AUTHOR=Min Xiangde , Feng Zhaoyan , Gao Junfeng , Chen Shu , Zhang Peipei , Fu Tianyu , Shen Hong , Wang Nan TITLE=InterNet: Detection of Active Abdominal Arterial Bleeding Using Emergency Digital Subtraction Angiography Imaging With Two-Stage Deep Learning JOURNAL=Frontiers in Medicine VOLUME=9 YEAR=2022 URL=https://www.frontiersin.org/journals/medicine/articles/10.3389/fmed.2022.762091 DOI=10.3389/fmed.2022.762091 ISSN=2296-858X ABSTRACT=Objective

Active abdominal arterial bleeding is an emergency medical condition. Herein, we present our use of this two-stage InterNet model for detection of active abdominal arterial bleeding using emergency DSA imaging.

Methods

Firstly, 450 patients who underwent abdominal DSA procedures were randomly selected for development of the region localization stage (RLS). Secondly, 160 consecutive patients with active abdominal arterial bleeding were included for development of the bleeding site detection stage (BSDS) and InterNet (cascade network of RLS and BSDS).
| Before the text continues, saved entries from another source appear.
(* Let $q\geq2$ be an integer and fix a real number $c>0$. Put $a_n=\frac{n(q-1)}{2q}\log(n(q-1))$ and $b_n=\frac{n(q-1)}{2q}$. Then $$\liminf_{n\to\infty}\Vert \nu_n^{*\lfloor a_n-cb_n\rfloor}-\pi_n\Vert_{TV}\geq 1-4qe^{-c}.$$
   Context: For integers $n\geq1$, $q\geq2$, the Hamming scheme $H(n,q)$ is the graph with vertex set $X_n=\{0,1,\dots,q-1\}^n$ in which $x$ and $x'$ are adjacent iff they differ in exactly one coordinate. The simple random walk has transition probability $p_n(x,x')=\frac{1}{n(q-1)}$ if $x,x'$ are adjacent and $0$ otherwise. Let $p_n^{(k)}$ denote the $k$-step transition probability ($p_n^{(0)}(x,x')=\delta_{x,x'}$), $x^{(0)}=(0,\dots,0)$, and $\nu_n^{*k}(x)=p_n^{(k)}(x^{(0)},x)$. $\pi_n$ is the uniform probability measure on $X_n$. For measures $\mu,\nu$ on $X_n$, $\Vert\mu-\nu\Vert_{TV}=\max_{S\subset X_n}|\mu(S)-\nu(S)|$. $\lfloor\alpha\rfloor$ is the greatest integer $\leq\alpha$. *)

From Stdlib Require Import Reals.
From mathcomp Require Import all_boot.
Set Implicit Arguments. Unset Strict Implicit. Unset Printing Implicit Defensive.

Local Open Scope R_scope.

Definition HX (n q : nat) : finType := {ffun 'I_n -> 'I_q}.

Definition hadj (n q : nat) (x y : HX n q) : bool :=
  #|[set i : 'I_n | x i != y i]| == 1%N.

Definition hp (n q : nat) (x y : HX n q) : R :=
  if hadj x y then / (INR n * (INR q - 1)) else 0.

Fixpoint hpk {n q : nat} (k : nat) (x y : HX n q) {struct k} : R :=
  match k with
  | O => if x == y then 1 else 0
  | S k' => \big[Rplus/0]_(z : HX n q) (hpk k' x z * hp z y)
  end.

Definition horigin (n q : nat) (Hq : (0 < q)%N) : HX n q :=
  [ffun _ => Ordinal Hq].

Definition hnu (n q : nat) (Hq : (0 < q)%N) (k : nat) (x : HX n q) : R :=
  hpk k (horigin n Hq) x.

Definition hpi (n q : nat) (x : HX n q) : R := / INR (q ^ n).

Definition hmeas (n q : nat) (mu : HX n q -> R) (S : {set HX n q}) : R :=
  \big[Rplus/0]_(x in S) mu x.

Definition TV (n q : nat) (mu nu : HX n q -> R) : R :=
  \big[Rmax/0]_(S : {set HX n q}) Rabs (hmeas mu S - hmeas nu S).

(* floor of a real number as a natural number (floor, truncated at 0) *)
Definition floorN (r : R) : nat := Z.to_nat (Int_part r).

(* Wilson's method.  The function f(x) = q * #{i | x_i = 0} - n, written as a
   sum of centred coordinate indicators, is an eigenfunction of the walk with
   eigenvalue lam = 1 - q/N, N = n(q-1).  Under nu_t its mean is lam^t N and
   its second moment exceeds the squared mean by at most qN/2, which also
   bounds its second moment under the uniform law.  Chebyshev's inequality
   then makes the set {f > lam^t N / 2} likely for nu_t and unlikely for pi,
   so the distance is at least 1 - 4qN / (lam^t N)^2.  For
   t <= N/(2q) (ln N - c) one has (lam^t N)^2 >= e^c N^(1 - 2q/N), and
   N^(2q/N) -> 1. *)

From Stdlib Require Import Reals Lra ZArith.
From mathcomp Require Import all_boot Rstruct.
Set Implicit Arguments. Unset Strict Implicit. Unset Printing Implicit Defensive.
Local Open Scope R_scope.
Another 50 patients that ruled out active abdominal arterial bleeding were used as negative samples to evaluate InterNet performance. We evaluated the mode's efficacy using the precision-recall (PR) curve. The classification performance of a doctor with and without InterNet was evaluated using a receiver operating characteristic (ROC) curve analysis.

Results

The AP, precision, and recall of the RLS were 0.99, 0.95, and 0.99 in the validation dataset, respectively. Our InterNet reached a recall of 0.7, the precision for detection of bleeding sites was 53% in the evaluation set. The AUCs of doctors with and without InterNet were 0.803 and 0.759, respectively. In addition, the doctor with InterNet assistant could significantly reduce the elapsed time for the interpretation of each DSA sequence from 84.88 to 43.78 s.

Conclusion

Our InterNet system could assist interventional radiologists in identifying bleeding foci quickly and may improve the workflow of the DSA operation to a more real-time procedure.